Great post -- thanks!


----------



## floydarogers (Oct 11, 2010)

Pierre Louis said:


> ...
> There is a word for what it appears the environmentalists are doing with these articles. "Lying."


Just want to point out that there is lying from both sides: http://www.theguardian.com/environment/2015/jul/08/exxon-climate-change-1981-climate-denier-funding

I'm sorry that you resorted to an ad hominem attack by implying I know nothing about statistics.

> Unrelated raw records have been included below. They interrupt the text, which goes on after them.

(* For all integers $k\ge 1$ and $\Delta\ge 3$, there exists a connected graph $G_{k,\Delta}$ with maximum degree $\Delta$ satisfying $\gamma_c(G_{k,\Delta})=k$ and $F_c(G_{k,\Delta})=\gamma_c(G_{k,\Delta})(\Delta-2)+2$.
   Context: Forcing process: given a set of initially colored vertices, at each step a colored vertex with exactly one non-colored neighbor forces (colors) that neighbor. A set $S\subseteq V(G)$ is a forcing set if iterating this process from $S$ eventually colors all vertices; it is a connected forcing set if moreover the induced subgraph $G[S]$ is connected. $F_c(G)$ is the minimum cardinality of a connected forcing set of $G$. A connected dominating set is a set $D\subseteq V(G)$ such that every vertex outside $D$ has a neighbor in $D$ and $G[D]$ is connected; $\gamma_c(G)$ is the minimum cardinality of a connected dominating set. *)

From mathcomp Require Import all_boot.
Set Implicit Arguments. Unset Strict Implicit. Unset Printing Implicit Defensive.

Section Graphs.
Variable T : finType.
Variable e : rel T.

Definition simple_graph : Prop := symmetric e /\ irreflexive e.

Definition nbhd (v : T) : {set T} := [set u | e v u].
Definition deg (v : T) : nat := #|nbhd v|.
Definition max_degree : nat := \max_(v : T) deg v.

Definition induced_connected (S : {set T}) : Prop :=
  S != set0 /\
  forall x y, x \in S -> y \in S ->
    connect [rel a b | [&& e a b, a \in S & b \in S]] x y.
(* Maximal dissociation sets of the path P_n grow like (31/20)^n < 6^(n/4).

   A vertex set F of P_n is encoded by its padded characteristic word: the bit
   string of length n+4 whose position j is 1 iff vertex j-2 lies in F (two
   zeros on each side).  F is a dissociation set iff this word has no three
   consecutive 1s, and F is maximal iff moreover every 0 is blocked, i.e. its
   window a b 0 d e of length five has a = b = 1, b = d = 1 or d = e = 1.
   Maximality is therefore a condition on all length-5 windows ('all_good'),
   and phi(P_n) counts the bit strings s of length n whose padded word is good.

   These strings are counted by a transfer matrix on the 16 states given by
   the last four letters read.  A weight w on the states with 20 * (M w) <=
   31 * w, which also dominates the number of completions by 9 free bits,
   bounds the completions by 9 + j free bits by (31/20)^j * w.  Together with
   a direct enumeration for n <= 10 this gives 100 * 20^n * phi(P_n) < 81 *
   31^n, and (31/20)^4 < 6 turns this into the real-valued bound. *)

(* A window a b c d e of a padded word is good when its middle bit c is not
   the middle of a run of three 1s and, if c is 0, it cannot be switched to 1
   without creating such a run. *)
Definition good_window (a b c d e : bool) : bool :=
  ~~ [&& b, c & d] && [|| c, a && b, b && d | d && e].

Fixpoint all_good (s : seq bool) : bool :=
  match s with
  | a :: ((b :: c :: d :: e :: _) as t) => good_window a b c d e && all_good t
  | _ => true
  end.

Lemma all_goodP (s : seq bool) :
  all_good s = [forall j : 'I_(size s), (j.+4 < size s) ==>
    good_window (nth false s j) (nth false s j.+1) (nth false s j.+2)
                (nth false s j.+3) (nth false s j.+4)].
Proof.
apply/idP/forallP.
- elim: s => [|a s IH]; first by move=> _ [].
  case: s IH => [|b [|c [|d [|e r]]]] IH /= good_s j; apply/implyP => /= hj;
    try lia.
  case/andP: good_s => good_a good_r.
  case: j hj => [[|k] hk] /= hj //.
  have hk' : k < size [:: b, c, d, e & r] by rewrite /=; lia.
  exact: (implyP (IH good_r (Ordinal hk'))).
- elim: s => [|a s IH] //= good_j.
  case: s IH good_j => [|b [|c [|d [|e r]]]] IH good_j //=.
  apply/andP; split; first exact: (implyP (good_j ord0)).
  apply: IH => j; apply/implyP => hj.
  have hk : j.+1 < size [:: a, b, c, d, e & r] by rewrite /= in hj *; lia.
  exact: (implyP (good_j (Ordinal hk))).
Qed.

Seems this thread has reached a dead end; won't post again. Will continue driving my 335d for another 100K.


----------



## Pierre Louis (Oct 23, 2011)

floydarogers said:


> Just want to point out that there is lying from both sides: http://www.theguardian.com/environment/2015/jul/08/exxon-climate-change-1981-climate-denier-funding
> 
> I'm sorry that you resorted to an ad hominem attack by implying I know nothing about statistics.
> 
> Seems this thread has reached a dead end; won't post again. Will continue driving my 335d for another 100K.


Nothing of the sort. I just find it in my mind how deceptive the propaganda and misleading published information is.

PL


----------



## jfxogara (Oct 26, 2012)

floydarogers said:


> Just want to point out that there is lying from both sides: http://www.theguardian.com/environment/2015/jul/08/exxon-climate-change-1981-climate-denier-fundingSeems this thread has reached a dead end; won't post again. Will continue driving my 335d for another 100K.


This Guardian article reads like the Tim Robbins spech in Team America: World Police. Which is an excellent movie by the way.

Floyd, way to keep driving the car!


----------



## Pierre Louis (Oct 23, 2011)

jfxogara said:


> Great post -- thanks!


You're welcome. Its still bad news that the environmentalist movement implies we are all "subsidizing" civilization by not using their favored energy sources. In effect, all energy use "subsidizes" human activity, according to their logic, and is therefore "bad."

PL


----------



## jfxogara (Oct 26, 2012)

Pierre Louis said:


> You're welcome. Its still bad news that the environmentalist movement implies we are all "subsidizing" civilization by not using their favored energy sources. In effect, all energy use "subsidizes" human activity, according to their logic, and is therefore "bad."PL


The envonmental movement has an unbroken string of erroneous predictions dating back to Paul Erlich (the "population bomb") and predictions of widespread resource scarcity by 1980. In fact, when Exxon was supposedly cynically ignoring warnings of global warming 30 years ago the environmentalists were seized with the exact opposite -- the specter of "nuclear winter." The consistent thread in their theories, aside from error, has been a) man as despoiler of the planet leading to b) a catastrophe.


----------



## Pierre Louis (Oct 23, 2011)

jfxogara said:


> a) man as despoiler of the planet leading to b) a catastrophe.


My mother-in-law thinks this way  just on a smaller scale....


----------